What’s in an acronym? Ask the FEC.

June 17, 2015

By Alana Wise

It’s all in the capitalization. Carly for America, a super PAC backing Republican presidential contender Carly Fiorina, has used crafty punctuation to settle a problem with the Federal Election Commission.

U.S. Republican presidential candidate Carly Fiorina speaks during a “Roast & Ride” campaign event in Iowa June 6, 2015. REUTERS/Dave Kaup

After the FEC warned the super PAC last month that their use of the candidate’s name violated agency regulations, the former Carly for America officially became “Conservative, Authentic, Responsive Leadership for You and for America” – in short, CARLY for America.

The organization’s nimble footwork may be enough to head off the wrath of the FEC,  which prohibits the use of candidates’ names in the name of a PAC unless the candidate has authorized them to do so. The FEC has given the PAC until next Monday to respond to the complaint.

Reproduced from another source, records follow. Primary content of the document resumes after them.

(* Let $k=\mathbb{F}_3$, let $O_7(k)$ be the group of $7\times7$ matrices over $k$ orthogonal for the bilinear form $\langle x,y\rangle=x_1y_7+x_2y_6+\dots+x_7y_1$ on $k^7$, and let \[ A=\begin{pmatrix} 0&0&1&0&0&1&0\\ 1&0&0&0&0&0&1\\ 0&1&0&0&0&0&0\\ 0&0&0&0&0&0&0\\ 0&1&0&0&0&0&1\\ 0&0&1&0&1&0&0\\ 0&0&0&0&0&1&0 \end{pmatrix}. \] Then there is no $g\in O_7(k)$ such that $M=g^{-1}Ag$ satisfies $M_{ij}=0$ for all $i\in\{5,6,7\}$ and $j\in\{1,2,3\}$.
   Context: $M_{ij}$ denotes the entry in row $i$ and column $j$. *)

From mathcomp Require Import all_boot all_algebra.
Set Implicit Arguments. Unset Strict Implicit. Unset Printing Implicit Defensive.
Import GRing.Theory.
Local Open Scope ring_scope.

Notation k := 'F_3.

(* Gram matrix of <x,y> = x_1 y_7 + x_2 y_6 + ... + x_7 y_1 (0-based: i + j = 6) *)
Definition Jform : 'M[k]_7 := \matrix_(i < 7, j < 7) ((i + j == 6)%N)%:R.

Definition orthogonal7 (g : 'M[k]_7) : Prop := g^T *m Jform *m g = Jform.

Definition Arows : seq (seq nat) :=
  [:: [:: 0; 0; 1; 0; 0; 1; 0];
      [:: 1; 0; 0; 0; 0; 0; 1];
      [:: 0; 1; 0; 0; 0; 0; 0];
      [:: 0; 0; 0; 0; 0; 0; 0];
      [:: 0; 1; 0; 0; 0; 0; 1];
      [:: 0; 0; 1; 0; 1; 0; 0];
      [:: 0; 0; 0; 0; 0; 1; 0]]%N.

Definition Amat : 'M[k]_7 :=
  \matrix_(i < 7, j < 7) (nth 0%N (nth [::] Arows i) j)%:R.

(* Since J^2 = 1, an isometry g of J satisfies g^-1 = J g^T J, so
   g^-1 A g = J (g^T (J A) g), and multiplying by J on the left reverses rows.
   The lower-left 3x3 block of g^-1 A g thus vanishes iff the upper-left one of
   g^T (J A) g does; as that of g^T J g = J vanishes too, the first three
   columns of g would span a 3-dimensional subspace of k^7 totally isotropic
   for both forms J and J A.  An exhaustive search over k^7 excludes this: if
   s, t are isotropic, orthogonal to each other for both forms and not
   collinear, then every u with the same properties relative to s and t lies
   in span(s, t). *)
From mathcomp Require Import all_boot all_algebra zify.
Set Implicit Arguments. Unset Strict Implicit. Unset Printing Implicit Defensive.
Import GRing.Theory.
Local Open Scope ring_scope.

Section Isometry.
Variables (R : comUnitRingType) (n : nat) (J : 'M[R]_n).
Hypothesis JK : J *m J = 1%:M.

Lemma isometry_left_inv g : g^T *m J *m g = J -> J *m g^T *m J *m g = 1%:M.
Proof. by move=> gJ; rewrite -!mulmxA (mulmxA g^T) gJ. Qed.

Lemma isometry_unitmx g : g^T *m J *m g = J -> g \in unitmx.
Proof. by move/isometry_left_inv/mulmx1_unit => []. Qed.

Lemma isometry_invmx g : g^T *m J *m g = J -> invmx g = J *m g^T *m J.
Proof.
move=> gJ; rewrite -[LHS]mul1mx -(isometry_left_inv gJ) -(mulmxA _ g).
by rewrite mulmxV ?mulmx1 // isometry_unitmx.
Qed.

End Isometry.

Lemma ulsubmx_trmx_mul (R : pzSemiRingType) m n1 n2 (X : 'M[R]_(m, n1 + n2))
    (M : 'M_m) :
  ulsubmx (X^T *m M *m X) = (lsubmx X)^T *m M *m lsubmx X.
Proof.
by rewrite -{1 2}[X]hsubmxK tr_row_mx mul_col_mx mul_col_row block_mxKul.
Qed.

Lemma trmx_mul_colE (R : pzSemiRingType) m n (X : 'M[R]_(m, n)) (M : 'M_m) a b :
  ((col a X)^T *m M *m col b X) 0 0 = (X^T *m M *m X) a b.
Proof.
rewrite !mxE; apply: eq_bigr => i _; rewrite !mxE; congr (_ * _).
by apply: eq_bigr => j _; rewrite !mxE.
Qed.

Lemma col3_relation_ker (R : comPzRingType) m (X : 'M[R]_(m, 3))
    (c0 c1 c2 : R) :
  ~~ [&& c0 == 0, c1 == 0 & c2 == 0] ->
  c0 *: col 0 X + c1 *: col 1 X + c2 *: col 2 X = 0 ->
  exists2 w : 'cV_3, w != 0 & X *m w = 0.
Proof.
move=> c_neq0 Xc0; exists (\col_i [:: c0; c1; c2]`_i).
  apply: contra c_neq0 => /eqP/matrixP w0.
  have := w0 0 0; have := w0 1 0; have := w0 2 0.
  by rewrite !mxE /= => -> -> ->; rewrite eqxx.
rewrite -Xc0; apply/matrixP => i j.
rewrite !mxE !big_ord_recl big_ord0 addr0 !mxE /=
  addrA ![X i _ * _]mulrC.
by congr (_ * X i _ + _ * X i _ + _ * X i _); apply: val_inj.
Qed.

Lemma Jform_mulmxE m (N : 'M[k]_(7, m)) i j : (Jform *m N) i j = N (rev_ord i) j.
Proof.
have ltis := ltn_ord i.
rewrite mxE (bigD1 (rev_ord i)) //= big1 => [|l ril]; rewrite mxE.
  by rewrite (_ : (i + rev_ord i == 6)%N) ?mul1r ?addr0 //=; lia.
rewrite (_ : (i + l == 6)%N = false) ?mul0r //; apply: contraNF ril => /eqP il.
by apply/eqP/val_inj => /=; lia.
Qed.

Lemma JformK : Jform *m Jform = 1%:M.
Proof.
apply/matrixP => -[i lti] -[j ltj]; rewrite Jform_mulmxE !mxE -val_eqE /=.
by congr (nat_of_bool _)%:R; apply/idP/idP => /eqP ij; apply/eqP; lia.
Qed.

Lemma Jform_ulsubmx : ulsubmx (Jform : 'M_(3 + 4)) = 0.
Proof.
by apply/matrixP => -[i lti] -[j ltj]; rewrite !mxE /= ltn_eqF //; lia.
Qed.

Lemma ulsubmx_conj_Amat (g : 'M[k]_7) : orthogonal7 g ->
  (forall i j : 'I_7, (4 <= i)%N -> (j < 3)%N ->
     (invmx g *m Amat *m g) i j = 0) ->
  ulsubmx (g^T *m (Jform *m Amat) *m g : 'M_(3 + 4)) = 0.
Proof.
move=> gO gM.
have -> : g^T *m (Jform *m Amat) *m g = Jform *m (invmx g *m Amat *m g).
  by rewrite (isometry_invmx JformK gO) !mulmxA JformK mul1mx.
apply/matrixP => -[i lti] -[j ltj].
by rewrite mxE [usubmx _ _ _]mxE Jform_mulmxE gM ?mxE //=; lia.
Qed.

Section ExhaustiveSearch.
Local Open Scope nat_scope.

(* A vector of k^7 is coded by the list of its coordinates in {0, 1, 2}. *)
Fixpoint vectors n : seq (seq nat) :=
  if n is n'.+1 then [seq x :: s | x <- iota 0 3, s <- vectors n'] else [:: [::]].

Lemma vectors_complete s : all (fun x => x < 3) s -> s \in vectors (size s).
Proof.
elim: s => [|x s IHs] // /andP[ltx3 /IHs s_in].
by apply: (allpairs_f (fun x s => x :: s)); rewrite // mem_iota.
Qed.

Definition dotn (s t : seq nat) : nat :=
  sumn [seq nth 0 s i * nth 0 t i | i <- iota 0 7].

Definition revn (s : seq nat) : seq nat := [seq nth 0 s (6 - i) | i <- iota 0 7].

Definition Amuln (s : seq nat) : seq nat := [seq dotn r s | r <- Arows].

Definition dual (t : seq nat) : seq nat * seq nat := (revn t, revn (Amuln t)).

Definition orthn_dual (s : seq nat) (d : seq nat * seq nat) : bool :=
  (3 %| dotn s d.1) && (3 %| dotn s d.2).

Definition orthn (s t : seq nat) : bool := orthn_dual s (dual t).

Definition combn (a b : nat) (s t : seq nat) : seq nat :=
  [seq (a * nth 0 s i + b * nth 0 t i) %% 3 | i <- iota 0 7].

Definition spann (s t : seq nat) : seq (seq nat) :=
  [seq combn a b s t | a <- iota 0 3, b <- iota 0 3].

(* Pairing each vector with its dual once and for all keeps the search fast. *)
Definition isotropic_duals : seq (seq nat * (seq nat * seq nat)) :=
  [seq (s, dual s) | s <- vectors 7 & orthn s s].

Definition isotropic_triples_dependentb : bool :=
  all (fun sd => let s := sd.1 in
    let N := [seq td <- isotropic_duals | orthn_dual s td.2] in
    all (fun td => let t := td.1 in let P := spann s t in
      [|| t \in spann s s, s \in spann t t |
          all (fun ud => orthn_dual t ud.2 ==> (ud.1 \in P)) N]) N)
  isotropic_duals.

Lemma isotropic_triple_dependent s t u :
  s \in vectors 7 -> t \in vectors 7 -> u \in vectors 7 ->
  orthn s s -> orthn t t -> orthn u u -> orthn s t -> orthn s u -> orthn t u ->
  [|| t \in spann s s, s \in spann t t | u \in spann s t].
Proof.
move=> sV tV uV ss tt uu st su tu.
have iso x : x \in vectors 7 -> orthn x x -> (x, dual x) \in isotropic_duals.
  by move=> xV xx; apply: map_f; rewrite mem_filter xx.
have /allP/(_ _ (iso s sV ss)) : isotropic_triples_dependentb by vm_compute.
move=> /allP/(_ (t, dual t)); rewrite mem_filter iso // andbT => /(_ st).
case/or3P => [->|->|/allP/(_ (u, dual u))] //; rewrite ?orbT //.
by rewrite mem_filter iso // andbT => /(_ su) /implyP/(_ tu) ->; rewrite !orbT.
Qed.

End ExhaustiveSearch.

Definition cvec (s : seq nat) : 'cV[k]_7 := \col_i (nth 0 s i)%:R.

Definition code (x : 'cV[k]_7) : seq nat := [seq val (x i 0) | i <- enum 'I_7].

Lemma natr_F3_eq0 m : (m%:R == 0 :> k) = (3 %| m)%N.
Proof. by rewrite (dvdn_pcharf (pchar_Fp _)). Qed.

Lemma natr_sumn_iota (R : pzSemiRingType) n (f : nat -> nat) :
  (sumn [seq f i | i <- iota 0 n])%:R = \sum_(i < n) (f i)%:R :> R.
Proof.
by rewrite sumnE big_map natr_sum -{1}(subn0 n) -/(index_iota 0 n) big_mkord.
Qed.

Lemma nth_code x (i : 'I_7) : nth 0 (code x) i = val (x i 0).
Proof. by rewrite (nth_map i) ?size_enum_ord // nth_ord_enum. Qed.

Lemma cvec_code x : cvec (code x) = x.
Proof. by apply/matrixP => i j; rewrite ord1 mxE nth_code natr_Zp. Qed.

Lemma code_vectors x : code x \in vectors 7.
Proof.
have := @vectors_complete (code x); rewrite size_map size_enum_ord; apply.
by apply/allP => _ /mapP[i _ ->]; exact: ltn_ord.
Qed.

Lemma cvec_dotn s t : ((cvec s)^T *m cvec t) 0 0 = (dotn s t)%:R.
Proof.
by rewrite natr_sumn_iota mxE; apply: eq_bigr => i _; rewrite !mxE natrM.
Qed.

Lemma Jform_cvec s : Jform *m cvec s = cvec (revn s).
Proof.
apply/matrixP => i j; rewrite Jform_mulmxE !mxE (nth_map 0) ?size_iota //.
by rewrite nth_iota // add0n subSS.
Qed.

Lemma Amat_cvec s : Amat *m cvec s = cvec (Amuln s).
Proof.
apply/matrixP => i j; rewrite !mxE (nth_map [::]) // natr_sumn_iota.
by apply: eq_bigr => l _; rewrite !mxE natrM.
Qed.

Lemma orthn_cvec s t : orthn s t =
  (((cvec s)^T *m Jform *m cvec t) 0 0 == 0) &&
  (((cvec s)^T *m (Jform *m Amat) *m cvec t) 0 0 == 0).
Proof. by rewrite -!mulmxA Amat_cvec !Jform_cvec !cvec_dotn !natr_F3_eq0. Qed.

Lemma combn_cvec a b s t : cvec (combn a b s t) = a%:R *: cvec s + b%:R *: cvec t.
Proof.
apply/matrixP => i j; rewrite !mxE (nth_map 0) ?size_iota // nth_iota // add0n.
by rewrite Fp_nat_mod // natrD !natrM.
Qed.

Lemma spann_cvec u s t : u \in spann s t ->
  exists a b : k, cvec u = a *: cvec s + b *: cvec t.
Proof.
by case/allpairsP => -[a b] [_ _ ->]; exists a%:R, b%:R; rewrite combn_cvec.
Qed.

Lemma isotropic_cols_dependent (X : 'M[k]_(7, 3)) :
  X^T *m Jform *m X = 0 -> X^T *m (Jform *m Amat) *m X = 0 ->
  exists2 w : 'cV_3, w != 0 & X *m w = 0.
Proof.
move=> XJ XS; pose s a := code (col a X).
have orth a b : orthn (s a) (s b).
  by rewrite orthn_cvec /s !cvec_code !trmx_mul_colE XJ XS !mxE eqxx.
have := isotropic_triple_dependent
  (code_vectors _) (code_vectors _) (code_vectors _)
  (orth 0 0) (orth 1 1) (orth 2 2) (orth 0 1) (orth 0 2) (orth 1 2).
case/or3P => /spann_cvec[a [b]]; rewrite /s !cvec_code => E.
- apply: (col3_relation_ker (c0 := a + b) (c1 := -1) (c2 := 0)).
    by rewrite oppr_eq0 oner_eq0 andbF.
  by rewrite E scale0r addr0 scaleN1r scalerDl subrr.
- apply: (col3_relation_ker (c0 := -1) (c1 := a + b) (c2 := 0)).
    by rewrite oppr_eq0 oner_eq0.
  by rewrite E scale0r addr0 scaleN1r scalerDl addNr.
- apply: (col3_relation_ker (c0 := a) (c1 := b) (c2 := -1)).
    by rewrite oppr_eq0 oner_eq0 !andbF.
  by rewrite E scaleN1r subrr.
Qed.

(* Indices are 0-based: rows {5,6,7} -> {4,5,6}, columns {1,2,3} -> {0,1,2}. *)
Theorem lemma2p6 :
  ~ exists g : 'M['F_3]_7,
      orthogonal7 g /\
      (forall (i j : 'I_7), (4 <= i)%N -> (j < 3)%N ->
         (invmx g *m Amat *m g) i j = 0).
Proof.
move=> [g [gO gM]].
have gU : g \in unitmx := isometry_unitmx JformK gO.
have [w w_neq0 gw0] :
    exists2 w : 'cV_3, w != 0 & lsubmx (g : 'M_(7, 3 + 4)) *m w = 0.
  apply: isotropic_cols_dependent; rewrite -ulsubmx_trmx_mul.
    by rewrite gO Jform_ulsubmx.
  exact: ulsubmx_conj_Amat.
have : (g : 'M_(7, 3 + 4)) *m col_mx w 0 = 0.
  by rewrite -(@hsubmxK _ 7 3 4 g) mul_row_col gw0 mulmx0 addr0.
move/(congr1 (mulmx (invmx g))); rewrite mulKmx // mulmx0 => /eqP.
by rewrite (@col_mx_eq0 _ 3 4) (negbTE w_neq0).
Qed.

If you don’t see much of a difference between the two titles, you’re not alone. By Wednesday, CARLY for America was trending on Twitter, with many of the comments critical of both the super PAC for the subtle name change and the FEC for leniency in enforcing their own rules.


It’s not the first time super PACs have gotten creative with their names to avoid bumping heads with the FEC. Back in 2013, super PAC Stand with Rand said that the Rand in question was actually noted author and libertarian royalty Ayn Rand, not libertarian-friendly, 2016 presidential hopeful Rand Paul, whom the group had previously showered with support.